Lemma kernel_near_zero_lt c : (K 0 < c%:E)%E ->
  \forall d \near 0^'+, forall s, near_zero d s -> (K s < c%:E)%E.
Proof.
move=> K0c; have [_ [_ [_ [_ [K0r K2pil]]]]] := hK.
have Klt : nbhs (K 0) [set y | (y < c%:E)%E].
  by apply: open_nbhs_nbhs; split => //; exact: open_ereal_lt_ereal.
have [e1 /= e10 near0] := K0r _ Klt.
have [e2 /= e20 near2pi] := K2pil _ Klt.
near=> d => s; rewrite -(kernel_wrap s) /near_zero.
have /andP[] := wrap_itv s; move: (wrap s) => w w0 wt.
have [->//|wn0] := eqVneq w 0.
have {wn0} w0 : 0 < w by rewrite lt_neqAle eq_sym wn0.
have d1 : d < e1 by near: d; exact: nbhs_right_lt.
have d2 : d < e2 by near: d; exact: nbhs_right_lt.
case/orP => wd.
- by apply: near0 => //; rewrite /ball_ /= sub0r normrN gtr0_norm //; lra.
- by apply: near2pi => //; rewrite /ball_ /= gtr0_norm ?subr_gt0 //; lra.
Unshelve. all: by end_near.
Qed.

Lemma kernel_le_bound s : (K s <= (kernel_bound K)%:E)%E.
Proof.
have tp0 := twopi_gt0 R.
have mid : 0 < (twopi / 2 : R) < twopi by apply/andP; split; lra.
have max0_le (x : R) : Num.max 0 x <= `|x| by rewrite ge_max normr_ge0 ler_norm.
suff Kint_le w : 0 < w < twopi -> fine (K w) <= kernel_bound K.
  rewrite -(kernel_wrap s); have /andP[] := wrap_itv s; move: (wrap s) => w w0 wt.
  have [->|wn0] := eqVneq w 0.
    apply: le_trans (kernel0_le (twopi / 2)) _.
    by rewrite (kernel_finE mid) lee_fin Kint_le.
  have hw : 0 < w < twopi by rewrite lt_neqAle eq_sym wn0 w0.
  by rewrite (kernel_finE hw) lee_fin Kint_le.
move=> hw; rewrite /kernel_bound.
set A := fine (K (twopi / 2)) - fine (K (3 * twopi / 4)).
set B := fine (K (twopi / 2)) - fine (K (twopi / 4)).
have := max0_le A; have := max0_le B; have := normr_ge0 A; have := normr_ge0 B.
have [wl|wg] := ltP w (twopi / 2).
  have hb : 0 < (3 * twopi / 4 : R) < twopi by apply/andP; split; lra.
  have hab : (w < (twopi / 2 : R) < 3 * twopi / 4) || ((3 * twopi / 4 : R) < twopi / 2 < w).
    by apply/orP; left; apply/andP; split; lra.
  have dist : `|twopi / 2 - w| <= 2 * `|3 * twopi / 4 - twopi / 2|.
    by rewrite !gtr0_norm; lra.
  by have := kernel_extrapolate hw hb hab (ler0n _ 2) dist (lexx _) (lexx _); lra.
have [->|wn] := eqVneq w (twopi / 2); first lra.
have wg' : twopi / 2 < w by rewrite lt_neqAle eq_sym wn wg.
have hb : 0 < (twopi / 4 : R) < twopi by apply/andP; split; lra.
have hab : (w < (twopi / 2 : R) < twopi / 4) || ((twopi / 4 : R) < twopi / 2 < w).
  by apply/orP; right; apply/andP; split; lra.
have dist : `|twopi / 2 - w| <= 2 * `|twopi / 4 - twopi / 2|.
  by rewrite !ltr0_norm; lra.
by have := kernel_extrapolate hw hb hab (ler0n _ 2) dist (lexx _) (lexx _); lra.
Qed.
(* Let $\mathcal M=(\mathcal H_A,\xi,\mathcal E,\mathsf Z)$ be a measurement scheme constrained by the third law that implements an extremal instrument $\mathcal I$ on $\mathcal H_S$. Then for every outcome $x$ and every $B\in\mathcal L(\mathcal H_S)$, $$\mathcal E^*(B\otimes\mathsf Z_x)=\mathcal I_x^*(B)\otimes\mathbb 1_A.$$
   Context: All Hilbert spaces are finite-dimensional and complex. A state is a positive operator of unit trace; it is full-rank if it is positive definite. A channel is a completely positive trace-preserving linear map, with dual $\Phi^*$ defined by $\mathrm{tr}[A\Phi(B)]=\mathrm{tr}[\Phi^*(A)B]$. A channel is constrained by the third law if it maps every full-rank state on its input space to a full-rank state on its output space. Let $2\le\dim\mathcal H_S<\infty$. An instrument with finite outcome set $\mathcal X$ is a family $\{\mathcal I_x\}_{x\in\mathcal X}$ of completely positive maps on $\mathcal L(\mathcal H_S)$ whose sum is trace-preserving. A measurement scheme $(\mathcal H_A,\xi,\mathcal E,\mathsf Z)$ consists of: - a finite-dimensional $\mathcal H_A$; - a state $\xi$ on $\mathcal H_A$; - a channel $\mathcal E$ on $\mathcal L(\mathcal H_S\otimes\mathcal H_A)$; - positive operators $\{\mathsf Z_x\}_{x\in\mathcal X}$ on $\mathcal H_A$ summing to $\mathbb 1$. It implements $\mathcal I_x(\rho)=\mathrm{tr}_A[(\mathbb 1\otimes\mathsf Z_x)\mathcal E(\rho\otimes\xi)]$. It is constrained by the third law if $\xi$ is full-rank and $\mathcal E$ is constrained by the third law. An instrument $\mathcal I$ is extremal if the following holds: whenever $\mathcal I_x=\lambda\mathcal I^{(1)}_x+(1-\lambda)\mathcal I^{(2)}_x$ for all $x$, with $\lambda\in(0,1)$ and $\mathcal I^{(1)},\mathcal I^{(2)}$ instruments with the same outcome set, then $\mathcal I^{(1)}=\mathcal I^{(2)}=\mathcal I$. *)

(* Complex numbers: C := R[i] for R : realType
   (mathcomp-real-closed's complex.v);  tensor products of matrices via
   mxtens.v (Kronecker product  A *t B, index (i,a) |-> i * dimA + a). *)
From HB Require Import structures.
From mathcomp Require Import all_boot all_order all_algebra.
From mathcomp Require Import reals.
From mathcomp.real_closed Require Export complex mxtens.
Set Implicit Arguments. Unset Strict Implicit. Unset Printing Implicit Defensive.
Import Order.TTheory GRing.Theory Num.Theory.
Local Open Scope ring_scope.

################

* WHAT IS BEING ASKED *
Having found the line with "Import Order.TTheory GRing.Theory Num.Theory.", transcribe it and each line after it to the end of the entries, with no other lines.

* RESPONSE BOX *
Import Order.TTheory GRing.Theory Num.Theory.
Local Open Scope ring_scope.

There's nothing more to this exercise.